The Java mechanisms and GC tend to be much faster than hand-rolled object
pooling (except for resource guards, but then it's not memory that is the slow
part any more).

According to what I've read.
The copying collector relies on having enough memory so you don't run out
between normal GC cycles.

What do you mean by "between normal GC cycles"? From what I've read, GC runs
when memory runs low, not on some kind of timer.
If you are running out of memory and forcing GC to run more often,
you could just use an object pool and use a WeakReference to
point to the object pool. The pool will be reclaimed on every GC cycle
more or less. The only time a pool will exist is when it's active. I'm
assuming weak references don't slow down GC all that much.

I have not run across any reference that ties weak references to any
performance considerations for garbage collection.

The point is that you do not need to use object pooling. The Java memory
allocator is more efficient, by all accounts, than any local policy can hope
to achieve, and using custom schemes is only likely to interfere with the Java
mechanism.

The whole point of the Java memory mechanism is to remove responsibility for
memory management from the programmer. Why would anyone want to mess with that?

If you want to tune the collector, that's an entirely different matter. You
are much more likely to gain joy from the java -X and -XX parameters than any
in-process approach.

There is a common theme running in this newsgroup of people not wanting Java
to be Java. This seems to blind them to the strengths of the language, as they
focus on perceived weaknesses. No language is perfect. Part of the art of
programming involves playing to the strengths of the tools at hand.

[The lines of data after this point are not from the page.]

(* Let $\mathscr{H}_3$ be the class of graphs $G$ on at least twelve vertices with $\gamma(G)=2$ and $\operatorname{diam}(\overline{G})\ge 3$. Then $\mathscr{H}_3$ is recognizable: every graph $H$ with $\mathscr{D}(H)=\mathscr{D}(G)$ for some $G\in\mathscr{H}_3$ belongs to $\mathscr{H}_3$.
   Context: All graphs are finite, simple and undirected; $\overline{G}$ is the complement, $\operatorname{diam}$ the diameter (infinite for disconnected graphs) and $\gamma$ the domination number. For a vertex $v$, the card $G-v$ is the unlabeled graph obtained by deleting $v$; the deck $\mathscr{D}(G)$ is the multiset of all cards up to isomorphism. A class of graphs is recognizable if every reconstruction (graph with the same deck) of a member of the class is again a member. *)

From mathcomp Require Import all_boot all_fingroup.
Set Implicit Arguments. Unset Strict Implicit. Unset Printing Implicit Defensive.

Definition simple_graph (n : nat) (g : rel 'I_n) : Prop :=
  symmetric g /\ irreflexive g.

Definition compl_graph (n : nat) (g : rel 'I_n) : rel 'I_n :=
  fun i j => (i != j) && ~~ g i j.

Definition card_del (n : nat) (g : rel 'I_n.+1) (v : 'I_n.+1) : rel 'I_n :=
  fun i j => g (lift v i) (lift v j).

Definition graph_iso (m : nat) (g h : rel 'I_m) : Prop :=
  exists f : {perm 'I_m}, forall i j, g i j = h (f i) (f j).

(* Equal decks: the multisets of cards up to isomorphism coincide, i.e. there is
   a bijection of the vertices matching each card of g with an isomorphic card of h. *)
Definition same_deck (n : nat) (g h : rel 'I_n.+1) : Prop :=
  exists s : {perm 'I_n.+1}, forall v, graph_iso (card_del g v) (card_del h (s v)).

Definition dominating (n : nat) (g : rel 'I_n) (D : {set 'I_n}) : Prop :=
  forall v, v \in D \/ exists2 u, u \in D & g u v.

Definition domination_number_is (n : nat) (g : rel 'I_n) (k : nat) : Prop :=
  (exists D : {set 'I_n}, dominating g D /\ #|D| = k) /\
  (forall D : {set 'I_n}, dominating g D -> k <= #|D|).

(* diam(g) >= d (diameter infinite for disconnected graphs): some pair u, v such
   that every walk from u to v has length at least d (vacuous if none exists). *)
Definition diam_ge (n : nat) (g : rel 'I_n) (d : nat) : Prop :=
  exists u v : 'I_n, forall p : seq 'I_n, path g u p -> last u p = v -> d <= size p.

Definition in_H3 (n : nat) (g : rel 'I_n.+1) : Prop :=
  12 <= n.+1 /\ domination_number_is g 2 /\ diam_ge (compl_graph g) 3.

From Stdlib Require Import ZArith.
From mathcomp Require Import all_boot all_fingroup zify.
Set Implicit Arguments. Unset Strict Implicit. Unset Printing Implicit Defensive.

(* For a simple graph, diam(complement G) >= 3 means exactly that some edge xy
   dominates G, and in the presence of such an edge gamma(G) = 2 means that no
   single vertex dominates G.  Let D_k count the ordered edges (resp. the
   vertices) whose closed neighbourhood misses exactly k vertices.  Counting
   over the deck as in Kelly's lemma gives
     sum_w D_k(G - w) = (k+1) D_(k+1)(G) + (N - c - k) D_k(G)
   with c = 2 for edges and c = 1 for vertices, so the differences
   d_k = D_k(G) - D_k(H) of two hypomorphic graphs satisfy
   (k+1) d_(k+1) = -(N - c - k) d_k, whence 4! d_4 = (N - c)^_4 d_0.
   Since |d_4| <= N^2 < (N - c)^_4 / 4! once N >= 12, d_0 = 0: H has a
   dominating edge and no dominating vertex exactly when G has. *)

Definition common_nonnbrs m (g : rel 'I_m) (x y : 'I_m) : {set 'I_m} :=
  [set z | [&& z != x, z != y, ~~ g x z & ~~ g y z]].

Lemma common_nonnbrs_eq0P m (g : rel 'I_m) x y :
  reflect (forall z, [|| z == x, z == y, g x z | g y z]) (common_nonnbrs g x y == set0).
Proof.
apply: (iffP eqP) => [cnn0 z | dom].
  by move/setP/(_ z): cnn0; rewrite !inE => /negbT; rewrite !negb_and !negbK.
by apply/setP => z; rewrite !inE -!negb_or dom.
Qed.

Lemma dominating_pairP m (g : rel 'I_m) x y :
  dominating g [set x; y] <-> common_nonnbrs g x y = set0.
Proof.
split=> [dom | /eqP/common_nonnbrs_eq0P dom z].
  apply/eqP/common_nonnbrs_eq0P => z; case: (dom z) => [| [u]]; rewrite !inE.
    by case/orP=> ->; rewrite ?orbT.
  by case/orP=> /eqP-> ->; rewrite ?orbT.
case/or4P: (dom z) => [zx | zy | gxz | gyz].
- by left; rewrite !inE zx.
- by left; rewrite !inE zy orbT.
- by right; exists x; rewrite ?inE ?eqxx.
by right; exists y; rewrite ?inE ?eqxx ?orbT.
Qed.

Lemma domination_number2P n (g : rel 'I_n.+1) :
  domination_number_is g 2 <->
  (exists x y, x != y /\ common_nonnbrs g x y = set0) /\
  (forall x, common_nonnbrs g x x != set0).
Proof.
split=> [[[D [domD /eqP/cards2P[x [y [xy DE]]]]] min2] | [[x [y [xy cnn0]]] nodom1]].
  split; first by exists x, y; split=> //; apply/dominating_pairP; rewrite -DE.
  by move=> z; apply/eqP => /dominating_pairP; rewrite setUid => /min2; rewrite cards1.
split=> [|D domD].
  by exists [set x; y]; rewrite cards2 xy; split=> //; apply/dominating_pairP.
have [D0 | [z zD]] := set_0Vmem D; first by case: (domD ord0) => [|[u]]; rewrite D0 inE.
rewrite leqNgt ltnS; apply/negP => D1.
have /cards1P[u Du] : #|D| == 1 by rewrite eqn_leq D1 card_gt0; apply/set0Pn; exists z.
by move: domD; rewrite Du -[[set u]]setUid => /dominating_pairP /eqP; apply/negP.
Qed.

Lemma diam_ge3_complP m (g : rel 'I_m) : simple_graph g ->
  diam_ge (compl_graph g) 3 <-> exists x y, g x y /\ common_nonnbrs g x y = set0.
Proof.
case=> gsym girr; split=> [[x [y far]] | [x [y [gxy /eqP/common_nonnbrs_eq0P dom]]]].
  have xy : x != y by apply/eqP => xy; have := far [::] isT xy.
  have gxy : g x y.
    apply/negPn/negP => ngxy; have := far [:: y].
    by rewrite /= /compl_graph xy ngxy => /(_ isT erefl).
  exists x, y; split=> //; apply/setP => z; rewrite !inE; apply/negbTE/and4P => -[zx zy gxz gyz].
  have := far [:: z; y]; rewrite /= /compl_graph eq_sym zx gxz zy gsym gyz.
  by move=> /(_ isT erefl).
have xy : x != y by apply: contraTneq gxy => ->; rewrite girr.
exists x, y => -[|a [|b [|c p]]] //=; rewrite /compl_graph.
- by move=> _ yx; rewrite yx eqxx in xy.
- by move=> + ay; rewrite ay gxy andbF.
move=> /and3P[/andP[xa gxa] /andP[ay gay] _] byE; subst b.
case/or4P: (dom a) => [/eqP ax | /eqP ay' | gxa' | gya].
- by rewrite ax eqxx in xa.
- by rewrite ay' eqxx in ay.
- by rewrite gxa' in gxa.
by rewrite gsym gya in gay.
Qed.

(* [pair_count g g 0] counts the ordered dominating edges of [g], and
   [pair_count eq_op g 0] its dominating vertices, as diagonal pairs. *)
Definition pair_count m (r g : rel 'I_m) (k : nat) : nat :=
  #|[set p | r p.1 p.2 && (#|common_nonnbrs g p.1 p.2| == k)]|.

Lemma pair_count0_gt0P m (r g : rel 'I_m) :
  reflect (exists x y, r x y /\ common_nonnbrs g x y = set0) (0 < pair_count r g 0).
Proof.
apply: (iffP card_gt0P) => [[[x y]] | [x [y [rxy cnn0]]]].
  by rewrite inE cards_eq0 => /andP[rxy /eqP cnn0]; exists x, y.
by exists (x, y); rewrite inE cards_eq0 rxy cnn0 /=.
Qed.

Lemma in_H3P n (g : rel 'I_n.+1) : simple_graph g ->
  in_H3 g <-> [/\ 11 <= n, 0 < pair_count g g 0 & pair_count eq_op g 0 = 0].
Proof.
move=> simple_g; have irr := proj2 simple_g.
split=> [[n11 [/domination_number2P[_ nodom1] /(diam_ge3_complP simple_g) edge]] | ].
  split=> //; first exact/pair_count0_gt0P.
  apply/eqP; rewrite -leqn0 leqNgt; apply/pair_count0_gt0P => -[x [_ [/eqP<- cnn0]]].
  by move/eqP: (nodom1 x).
case=> n11 /pair_count0_gt0P[x [y [gxy cnn0]]] /eqP.
rewrite -leqn0 leqNgt => /pair_count0_gt0P nodom.
split=> //; split; last by apply/(diam_ge3_complP simple_g); exists x, y.
apply/domination_number2P; split.
  by exists x, y; split=> //; apply: contraTneq gxy => ->; rewrite irr.
by move=> z; apply/eqP => cnn0'; apply: nodom; exists z, z.
Qed.

Lemma pair_count_le m (r g : rel 'I_m) k : pair_count r g k <= m * m.
Proof. by rewrite -[m in m * m]card_ord -card_prod max_card. Qed.

Lemma common_nonnbrs_perm m (g h : rel 'I_m) (f : {perm 'I_m}) x y :
  (forall i j, g i j = h (f i) (f j)) ->
  f @^-1: common_nonnbrs h (f x) (f y) = common_nonnbrs g x y.
Proof. by move=> gh; apply/setP => z; rewrite !inE !gh !(inj_eq perm_inj). Qed.

Lemma pair_count_perm m (r s g h : rel 'I_m) (f : {perm 'I_m}) k :
    (forall i j, r i j = s (f i) (f j)) -> (forall i j, g i j = h (f i) (f j)) ->
  pair_count r g k = pair_count s h k.
Proof.
move=> rs gh; pose fp (p : 'I_m * 'I_m) := (f p.1, f p.2).
have fp_inj : injective fp by move=> [? ?] [? ?] [/perm_inj-> /perm_inj->].
rewrite /pair_count -[RHS](card_preimset _ fp_inj); apply: eq_card => -[x y].
by rewrite !inE /= rs -(common_nonnbrs_perm x y gh) (card_preimset _ perm_inj).
Qed.

Lemma common_nonnbrs_card_del n (g : rel 'I_n.+1) w x y :
  lift w @: common_nonnbrs (card_del g w) x y =
  common_nonnbrs g (lift w x) (lift w y) :\ w.
Proof.
apply/setP => z; rewrite !inE; case: (unliftP w z) => [z'|] ->.
  by rewrite (mem_imset _ _ lift_inj) !inE !(inj_eq lift_inj) (eq_sym (lift w z')) neq_lift.
rewrite eqxx /=; apply/negbTE/imsetP => -[z' _ wE].
by move: (neq_lift w z'); rewrite -wE eqxx.
Qed.

Lemma pair_count_card_del n (r g : rel 'I_n.+1) w k :
  pair_count (card_del r w) (card_del g w) k =
  #|[set p | [&& r p.1 p.2, w \notin [set p.1; p.2]
              & #|common_nonnbrs g p.1 p.2 :\ w| == k]]|.
Proof.
pose lp (p : 'I_n * 'I_n) := (lift w p.1, lift w p.2).
have lp_inj : injective lp.
  move=> [a b] [c d] /eqP; rewrite /lp /= xpair_eqE !(inj_eq lift_inj).
  by case/andP=> /eqP-> /eqP->.
rewrite /pair_count -(card_imset _ lp_inj); apply: eq_card => -[x y].
rewrite [in RHS]inE /=; case: (boolP (w \in [set x; y])) => [wxy | /=]; last first.
  rewrite !inE !negb_or => /andP[/unlift_some[x' -> _] /unlift_some[y' -> _]].
  rewrite -[(lift w _, _)]/(lp (x', y')) (mem_imset _ _ lp_inj) inE.
  by rewrite -common_nonnbrs_card_del (card_imset _ (@lift_inj _ w)).
rewrite andbF; apply/negbTE/imsetP => -[[x' y'] _ [xE yE]].
by move: wxy; rewrite xE yE !inE (negbTE (neq_lift w x')) (negbTE (neq_lift w y')).
Qed.

Lemma card_set_sum (T : finType) (P : pred T) :
  #|[set x | P x]| = \sum_x P x.
Proof. by rewrite -sum1dep_card big_mkcond; apply: eq_bigr => x _; case: (P x). Qed.

Lemma card_notin_setD1_eq N (A S : {set 'I_N}) k : [disjoint A & S] ->
  #|[set w | (w \notin S) && (#|A :\ w| == k)]| =
  (#|A| == k.+1) * k.+1 + (#|A| == k) * (N - #|S| - k).
Proof.
move=> AS; have cardAD1 w : #|A :\ w| = if w \in A then #|A|.-1 else #|A|.
  by rewrite (cardsD1 w A); case: (w \in A).
have [Ak1 | Ak1] := eqVneq #|A| k.+1.
  rewrite Ak1 (gtn_eqF (ltnSn k)) mul1n addn0 -Ak1; apply: eq_card => w.
  rewrite inE cardAD1 Ak1; case: (boolP (w \in A)) => [wA | _].
    by rewrite eqxx andbT (disjointFr AS wA).
  by rewrite (gtn_eqF (ltnSn k)) andbF.
have [Ak | Ak] := eqVneq #|A| k.
  have -> : [set w | (w \notin S) && (#|A :\ w| == k)] = ~: (A :|: S).
    apply/setP => w; rewrite !inE negb_or cardAD1 Ak.
    case: (boolP (w \in A)) => [wA | _]; last by rewrite eqxx andbT.
    suff /ltn_eqF-> : k.-1 < k by rewrite andbF.
    by rewrite -Ak ltn_predL; apply/card_gt0P; exists w.
  rewrite mul1n add0n cardsCs setCK cardsU (disjoint_setI0 AS) cards0 subn0 card_ord Ak.
  by rewrite -subnDA addnC subnDA.
rewrite add0n mul0n; apply/eqP; rewrite cards_eq0; apply/eqP/setP => w.
rewrite !inE cardAD1; case: ifP => [wA | _]; last by rewrite (negbTE Ak) andbF.
apply/negbTE; apply: contra Ak1 => /andP[_ /eqP <-].
by rewrite prednK //; apply/card_gt0P; exists w.
Qed.

Lemma sum_pair_count_card_del n (r g : rel 'I_n.+1) c k :
    (forall x y, r x y -> #|[set x; y]| = c) ->
  \sum_w pair_count (card_del r w) (card_del g w) k =
  k.+1 * pair_count r g k.+1 + (n.+1 - c - k) * pair_count r g k.
Proof.
move=> card_r; under eq_bigr do rewrite pair_count_card_del card_set_sum.
rewrite exchange_big /pair_count !card_set_sum !big_distrr -big_split /=.
apply: eq_bigr => -[x y] _ /=; have [rxy | _] /= := boolP (r x y); last by rewrite !muln0 big1.
have disj : [disjoint common_nonnbrs g x y & [set x; y]].
  apply/pred0P => z; rewrite !inE.
  by case: eqP => [->|_]; case: eqP => [->|_]; rewrite ?eqxx ?andbF.
rewrite -card_set_sum -(card_r _ _ rxy) mulnC [_ * (_ == k)]mulnC -(card_notin_setD1_eq _ disj).
by apply: eq_card => w; rewrite !inE.
Qed.

Lemma recurrence_closed_form (M K : nat) (x : nat -> Z) :
    (forall k, k < K -> (Z.of_nat k.+1 * x k.+1 = - Z.of_nat (M - k) * x k)%Z) ->
  forall k : nat, k <= K ->
  (Z.of_nat k`! * x k = (-1) ^ Z.of_nat k * Z.of_nat (M ^_ k) * x 0%N)%Z.
Proof.
move=> step; elim=> [_ | k IH ltkK]; first by rewrite /=.
rewrite factS ffactnSr !Nat2Z.inj_mul Nat2Z.inj_succ Z.pow_succ_r; last exact: Zle_0_nat.
have := step k ltkK; have := IH (ltnW ltkK); rewrite Nat2Z.inj_succ.
set f := Z.of_nat k`!; set s := ((-1) ^ _)%Z; set p := Z.of_nat (M ^_ k).
set d := Z.of_nat (M - k); set i := Z.of_nat k; clearbody f s p d i.
move=> IHk stepk; rewrite (Z.mul_comm _ f) -Z.mul_assoc stepk.
by transitivity (- d * (f * x k))%Z; [ring | rewrite IHk; ring].
Qed.

Lemma eq_at0_of_recurrence (M K B : nat) (a b : nat -> nat) :
    K`! * B < M ^_ K ->
    (forall k, k < K ->
       k.+1 * a k.+1 + (M - k) * a k = k.+1 * b k.+1 + (M - k) * b k) ->
  a K <= B -> b K <= B -> a 0 = b 0.
Proof.
move=> bigM rec aK bK; pose x k := (Z.of_nat (a k) - Z.of_nat (b k))%Z.
have step k : k < K -> (Z.of_nat k.+1 * x k.+1 = - Z.of_nat (M - k) * x k)%Z.
  by move=> /rec; rewrite /x; lia.
have xK : (Z.abs (x K) <= Z.of_nat B)%Z by rewrite /x; lia.
have := recurrence_closed_form step (leqnn K) => /(f_equal Z.abs).
rewrite !Z.abs_mul Z.abs_pow Z.pow_1_l ?Z.mul_1_l; last by lia.
have ltP : (Z.of_nat K`! * Z.of_nat B < Z.of_nat (M ^_ K))%Z by lia.
set F := Z.of_nat K`!; set P := Z.of_nat (M ^_ K).
have F0 : (0 <= F)%Z by apply: Zle_0_nat.
have P0 : (0 < P)%Z.
  by apply: (Z.le_lt_trans _ _ _ _ ltP); apply: Z.mul_nonneg_nonneg; lia.
rewrite (Z.abs_eq F) // (Z.abs_eq P); last by lia.
move=> E; have : (Z.abs (x 0%N) < 1)%Z.
  apply/(Z.mul_lt_mono_pos_l _ _ _ P0); rewrite -E Z.mul_1_r.
  by apply: (Z.le_lt_trans _ _ _ _ ltP); apply: Z.mul_le_mono_nonneg_l.
by rewrite /x; lia.
Qed.

Lemma fact4_sq_lt_ffact4 M : 9 <= M -> 4`! * (M.+2 * M.+2) < M ^_ 4.
Proof.
case: M => [|[|[|[|[|[|[|[|[|j]]]]]]]]] // _.
by rewrite !ffactSS ffactn0 -[4`!]/24; nia.
Qed.

Definition pair_rel (edges : bool) m (g : rel 'I_m) : rel 'I_m :=
  if edges then g else eq_op.

Lemma card_pair_rel m (g : rel 'I_m) edges x y : irreflexive g ->
  pair_rel edges g x y -> #|[set x; y]| = edges.+1.
Proof.
move=> irr; case: edges => /= [gxy | /eqP->]; last by rewrite setUid cards1.
by rewrite cards2; case: eqP gxy => [-> | _]; rewrite ?irr.
Qed.

Lemma same_deck_sum_pair_count n (G H : rel 'I_n.+1) edges k : same_deck G H ->
  \sum_w pair_count (card_del (pair_rel edges G) w) (card_del G w) k =
  \sum_w pair_count (card_del (pair_rel edges H) w) (card_del H w) k.
Proof.
case=> s iso_s; rewrite [RHS](reindex_inj (@perm_inj _ s)).
apply: eq_bigr => v _; have [f fGH] := iso_s v.
apply: (pair_count_perm (f := f)) => // i j; case: edges => //=.
by rewrite /card_del !(inj_eq lift_inj) (inj_eq perm_inj).
Qed.

Lemma same_deck_pair_count0 n (G H : rel 'I_n.+1) edges :
    11 <= n -> irreflexive G -> irreflexive H -> same_deck G H ->
  pair_count (pair_rel edges G) G 0 = pair_count (pair_rel edges H) H 0.
Proof.
move=> n11 irrG irrH deckGH.
apply: (@eq_at0_of_recurrence (n.+1 - edges.+1) 4 (n.+1 * n.+1)); rewrite ?pair_count_le //.
  rewrite subSS; apply: leq_ltn_trans (fact4_sq_lt_ffact4 _); last by case: edges; lia.
  by rewrite leq_mul2l leq_mul; case: edges; rewrite ?subn0 ?subn1 //=; lia.
move=> k _; rewrite -(sum_pair_count_card_del _ _ (fun x y => card_pair_rel irrG)).
rewrite -(sum_pair_count_card_del _ _ (fun x y => card_pair_rel irrH)).
exact: same_deck_sum_pair_count.
Qed.

Theorem lemma11 (n : nat) (G H : rel 'I_n.+1) :
  simple_graph G -> simple_graph H -> same_deck G H -> in_H3 G -> in_H3 H.
Proof.
move=> simG simH deckGH /(in_H3P simG)[n11 edgeG vertexG].
have [[_ irrG] [_ irrH]] := (simG, simH).
apply/(in_H3P simH); split=> //.
  by rewrite -(same_deck_pair_count0 true n11 irrG irrH deckGH).
by rewrite -(same_deck_pair_count0 false n11 irrG irrH deckGH).
Qed.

Java provides a lot of help with memory management. Use what it offers before
trying to defeat it.

- Lew
 
J

Joe Seigh

Lew said:
The point is that you do not need to use object pooling. The Java memory
allocator is more efficient, by all accounts, than any local policy can
hope to achieve, and using custom schemes is only likely to interfere
with the Java mechanism.

For most Java programmers, that is likely true.
The whole point of the Java memory mechanism is to remove responsibility
for memory management from the programmer. Why would anyone want to mess
with that?

Well, I mess with a whole lot of things that people think can't be improved.
Some things can be improved by quite a bit (orders of magnitude).
 
A

Andy Dingley

Of course, in Java one does not often have to explicitly "dispose of" an object.

One certainly must if it's not garbage collectable!

A problem with Java in general, particularly with newbie coders who've
only learned Java from scratch, is that they pay no attention to gc at
all and just assume that "the maid will clear it up". This works fine
for most pure Java objects, but if you start having some object that
represents another resource and isn't automatically disposable then
you're back to needing to manage these manually (at least to some
degree). Leaving it up to Java's gc means that none of them ever get
disposed, and you've a leak.

Languages that reduce the need to think about everything are great for
fast development, but when this extends into a mindset that no longer
thinks at all, it leads to sloppy development.
 
L

Lew

Andy said:
One certainly must if it's not garbage collectable!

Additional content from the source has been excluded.